= Laura Machesky =

American cancer research scientist

Laura Marie Machesky (born 13 August 1965) is a British-American cancer research scientist. She is the Sir William Dunn Professor of Biochemistry in the Department of Biochemistry, University of Cambridge, and the current president of the British Society for Cell Biology.
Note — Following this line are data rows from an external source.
Lemma rayleigh_rotmx (R : realType) n (sigma : 'I_n -> 'I_n) (cc ss : 'I_n -> R)
    (x : 'cV[R]_n) :
  involutive sigma -> (forall i, ss (sigma i) = - ss i) ->
  rayleigh (rotmx sigma cc ss) x = \sum_i cc i * x i 0 ^+ 2.
Proof.
move=> sigmaK ss_sigma; rewrite /rayleigh -mulmxA mxE.
under eq_bigr do rewrite mxE rotmx_mul mulrDr.
rewrite big_split /= (@sum_odd_involution _ _ sigma _
  (fun i => x i 0 * (ss i * x (sigma i) 0))) // ?addr0; last first.
  by move=> i; rewrite ss_sigma sigmaK; ring.
by apply: eq_bigr => i _; ring.
Qed.

Lemma cvg_sqnorm_on (R : realType) n (P : pred 'I_n) (u : nat -> 'cV[R]_n) (l : 'cV[R]_n) :
  (forall i, u k i 0 @[k --> \oo] --> l i 0) ->
  sqnorm_on P (u k) @[k --> \oo] --> sqnorm_on P l.
Proof.
move=> u_cvg; apply: cvg_big => [|i _]; first exact: add_continuous.
by under eq_cvg do rewrite expr2; rewrite expr2; apply: cvgM.
Qed.

(* The difference of the two sides is (c1 - c0) (2 a - c0 D) with
   D = 1 - 2 a c0 + a^2 <= 2. *)
Lemma shift_factor_le (R : realFieldType) (c0 c1 a : R) :
  0 <= c0 -> c0 <= c1 -> c0 <= a -> a <= 1 ->
  1 - 2 * a * c1 + a ^+ 2 <= (1 - c0 * (c1 - c0)) * (1 - 2 * a * c0 + a ^+ 2).
Proof.
move=> c0_ge0 c01 c0a a1.
have D_le2 : 1 - 2 * a * c0 + a ^+ 2 <= 2 by nra.
have : c0 * (1 - 2 * a * c0 + a ^+ 2) <= 2 * a by nra.
nra.
Qed.

(** * Contraction of ACI(1) towards the first block *)

Section Contraction.
Variables (R : realType) (n : nat) (sigma : 'I_n -> 'I_n) (cc ss : 'I_n -> R).
Variables (F : pred 'I_n) (c0 c1 : R).
Hypothesis sigmaK : involutive sigma.
Hypothesis cc_sigma : forall i, cc (sigma i) = cc i.
Hypothesis ss_sigma : forall i, ss (sigma i) = - ss i.
Hypothesis cc_ss : forall i, cc i ^+ 2 + ss i ^+ 2 = 1.
Hypothesis F_sigma : forall i, F (sigma i) = F i.
Hypothesis cc_F : forall i, F i -> cc i = c0.
Hypothesis cc_notF : forall i, ~~ F i -> c1 <= cc i.
Hypotheses (c0_gt0 : 0 < c0) (c0_lt_c1 : c0 < c1) (c1_le1 : c1 <= 1).

Let theta := 1 - c0 * (c1 - c0).

Let theta_ge0 : 0 <= theta.
Proof. by rewrite subr_ge0; have := c0_gt0; have := c0_lt_c1; have := c1_le1; nra. Qed.

Let c0_lt1 : c0 < 1.
Proof. exact: lt_le_trans c0_lt_c1 c1_le1. Qed.

Let notF_sigma i : (predC F) (sigma i) = (predC F) i.
Proof. by rewrite /= F_sigma. Qed.

Lemma c0_le_cc i : c0 <= cc i.
Proof. by case: (boolP (F i)) => [/cc_F -> | /cc_notF]; last exact/le_trans/ltW. Qed.

Lemma rayleigh_rotmx_bounds x :
  sqnorm_on predT x = 1 -> c0 <= rayleigh (rotmx sigma cc ss) x <= 1.
Proof.
move=> x1; rewrite rayleigh_rotmx //.
have sumx : \sum_i x i 0 ^+ 2 = 1 := x1.
apply/andP; split.
  rewrite -[c0]mulr1 -sumx mulr_sumr; apply: ler_sum => i _.
  by apply: ler_wpM2r; [apply: sqr_ge0 | apply: c0_le_cc].
rewrite -sumx; apply: ler_sum => i _.
by rewrite ler_piMl ?sqr_ge0 // (le_trans (ler_norm _)) // (norm_cc_le1 cc_ss).
Qed.

Lemma shift_normalize_contract (e : 'I_n -> R) (a : R) (x : 'cV[R]_n) :
  (forall i, e (sigma i) = - e i) -> (forall i, cc i ^+ 2 + e i ^+ 2 = 1) ->
  c0 <= a <= 1 -> sqnorm_on predT x = 1 -> 0 < sqnorm_on F x ->
  let y := normalize ((rotmx sigma cc e - a%:M) *m x) in
  [/\ sqnorm_on predT y = 1, 0 < sqnorm_on F y & tail_ratio F y <= theta * tail_ratio F x].
Proof.
move=> e_sigma cc_e /andP[c0a a1] x1 xF_gt0 y.
set z := (rotmx sigma cc e - a%:M) *m x.
set D := 1 - 2 * a * c0 + a ^+ 2.
have a_ge0 : 0 <= a by apply: le_trans c0a; apply: ltW.
have D_gt0 : 0 < D.
  by rewrite /D; have := c0_gt0; have := c0_lt1; have := sqr_ge0 (a - c0); nra.
have zF : sqnorm_on F z = D * sqnorm_on F x.
  rewrite sqnorm_on_rotmx_shift // mulr_sumr.
  by apply: eq_bigr => i Fi; rewrite cc_F.
have znotF : sqnorm_on (predC F) z <= (1 - 2 * a * c1 + a ^+ 2) * sqnorm_on (predC F) x.
  rewrite sqnorm_on_rotmx_shift // mulr_sumr; apply: ler_sum => i notFi.
  apply: ler_wpM2r; first exact: sqr_ge0.
  by have := cc_notF notFi; nra.
have zF_gt0 : 0 < sqnorm_on F z by rewrite zF mulr_gt0.
have z_gt0 : 0 < sqnorm_on predT z.
  by rewrite (sqnorm_on_split F); apply: ltr_wpDr => //; apply: sqnorm_on_ge0.
rewrite /y /tail_ratio !sqnorm_on_normalize divff ?gt_eqF //; split => //.
  exact: divr_gt0.
rewrite -/z invf_div mulrA divfK ?gt_eqF // ler_pdivrMr // zF.
have -> : theta * (sqnorm_on (predC F) x / sqnorm_on F x) * (D * sqnorm_on F x) =
    theta * D * sqnorm_on (predC F) x by field; rewrite gt_eqF.
apply: le_trans znotF _.
apply: ler_wpM2r; first exact: sqnorm_on_ge0.
exact: shift_factor_le (ltW c0_gt0) (ltW c0_lt_c1) c0a a1.
Qed.

Lemma aci_step_contract x :
  sqnorm_on predT x = 1 -> 0 < sqnorm_on F x ->
  let y := aci_step (rotmx sigma cc ss) x in
  [/\ sqnorm_on predT y = 1, 0 < sqnorm_on F y &
      tail_ratio F y <= theta ^+ 2 * tail_ratio F x].
Proof.
move=> x1 xF_gt0; rewrite /aci_step trmx_rotmx //.
have [w1 wF_gt0 w_ratio] :=
  shift_normalize_contract ss_sigma cc_ss (rayleigh_rotmx_bounds x1) x1 xF_gt0.
have ss_opp_sigma i : - ss (sigma i) = - - ss i by rewrite ss_sigma.
have cc_ss_opp i : cc i ^+ 2 + (- ss i) ^+ 2 = 1 by rewrite sqrrN.
have [y1 yF_gt0 y_ratio] :=
  shift_normalize_contract ss_opp_sigma cc_ss_opp (rayleigh_rotmx_bounds w1) w1 wF_gt0.
split => //; apply: le_trans y_ratio _; rewrite expr2 -mulrA.
by move: (ler_wpM2l theta_ge0 w_ratio).
Qed.

Lemma aci_v_contract v0 k :
  sqnorm_on predT v0 = 1 -> 0 < sqnorm_on F v0 ->
  let v := aci_v (rotmx sigma cc ss) v0 k in
  [/\ sqnorm_on predT v = 1, 0 < sqnorm_on F v &
      tail_ratio F v <= (theta ^+ 2) ^+ k * tail_ratio F v0].
Proof.
move=> v01 v0F_gt0; elim: k => [|k [vk1 vkF_gt0 vk_ratio]]; first by rewrite expr0 mul1r.
have [v1 vF_gt0 v_ratio] := aci_step_contract vk1 vkF_gt0.
rewrite /aci_v iterS; split => //; apply: le_trans v_ratio _.
by rewrite [_ ^+ k.+1]exprS -mulrA; move: (ler_wpM2l (sqr_ge0 theta) vk_ratio).
Qed.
==Early life and education==
Machesky was born on 13 August 1965 in Dearborn, Michigan, United States. She studied at Alma College, graduating with a Bachelor of Science (BSc) degree in 1987, and then at Johns Hopkins University School of Medicine where she completed her Doctor of Philosophy (PhD) degree in 1993.

== Career ==
Machesky was a postdoc at the MRC Laboratory of Molecular Biology (LMB) from 1995 to 1997 and then an MRC Career Development Fellow, MRC Senior Research Fellow and Professor of Cell Biology at the School of Biosciences, University of Birmingham from 1998 to 2007. She was a Medical Research Council (MRC) senior research fellow and Professor of Cell Biology at the Beatson Institute for Cancer Research in Glasgow from 2007 to 2022, and director of the Institute of Cancer Sciences at the University of Glasgow from 2020 to 2022. She moved to Cambridge University in 2022 as Sir William Dunn Professor of Biochemistry.

== Research interests ==
Machesky's research group specialises in cancer cell migration, invasion, metastasis and the energetics of cell biology. She discovered the 7-subunit Arp2/3 complex and showed that this was a major regulator of actin dynamics and cell migration. According to the Academy of Medical Sciences, this work "changed the way the field understood fundamental principles of signalling to actin dynamics and impacted on biomedical problems such as host-pathogen interactions, endocytic trafficking, phagocytosis and cancer cell invasion".

== Awards and honours ==
Machesky was elected as a Member of the European Molecular Biology Organisation in 2012, a Fellow of the Royal Society of Edinburgh in 2014, and a Fellow of the Academy of Medical Sciences in 2016.
Her husband Robert Insall is also a Fellow of the Royal Society of Edinburgh and is currently Professor of Computational Biology at University College London.